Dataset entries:
-.-.-
(* Let $\xi(0),\xi(1),\xi(2),\dots$ be a sequence of vectors $\xi(k)=(\xi_1(k),\dots,\xi_d(k))\in\mathbb{R}^d$. For $\nu\geq 1$, $n\geq 1$ and $1\leq i_1,\dots,i_\nu\leq d$ define the iterated sum \[ \Sigma^{i_1,\dots,i_\nu}(n)=\sum_{0\leq k_1<\dots<k_\nu<n}\xi_{i_1}(k_1)\xi_{i_2}(k_2)\cdots\xi_{i_\nu}(k_\nu). \] Suppose that \[ \limsup_{n\to\infty} n^{-1}\sum_{k=0}^n|\xi(k)|=R<\infty \] and that the limit \[ \lim_{n\to\infty}n^{-1}\sum_{k=0}^n\xi(k)=Q=(Q_1,\dots,Q_d) \] exists with $|Q|<\infty$. Then for any $\nu\geq1$ and any $1\leq i_1,\dots,i_\nu\leq d$, \[ \lim_{n\to\infty}n^{-\nu}\Sigma^{i_1,\dots,i_\nu}(n)=\frac 1{\nu !}\prod_{j=1}^\nu Q_{i_j}. \]
   Context: $|\cdot|$ denotes the Euclidean norm on $\mathbb{R}^d$. *)

From HB Require Import structures.
From mathcomp Require Import all_boot all_order all_algebra.
From mathcomp Require Import all_classical all_reals all_analysis.
Set Implicit Arguments. Unset Strict Implicit. Unset Printing Implicit Defensive.
Import Order.TTheory GRing.Theory Num.Theory.
Local Open Scope ring_scope.

Definition eucl_norm (R : realType) (d : nat) (x : 'rV[R]_d) : R :=
  Num.sqrt (\sum_(i < d) x ord0 i ^+ 2).

Definition iter_sum (R : realType) (d nu : nat) (xi : nat -> 'rV[R]_d)
    (s : nu.-tuple 'I_d) (n : nat) : R :=
  \sum_(t : nu.-tuple 'I_n | sorted ltn (map val t))
     \prod_(j < nu) xi (val (tnth t j)) ord0 (tnth s j).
-.-.-
> _Task description_
Would you filter the records and copy each line that contains the word "tuple"?

> _Answer to the exercise_
    (s : nu.-tuple 'I_d) (n : nat) : R :=
  \sum_(t : nu.-tuple 'I_n | sorted ltn (map val t))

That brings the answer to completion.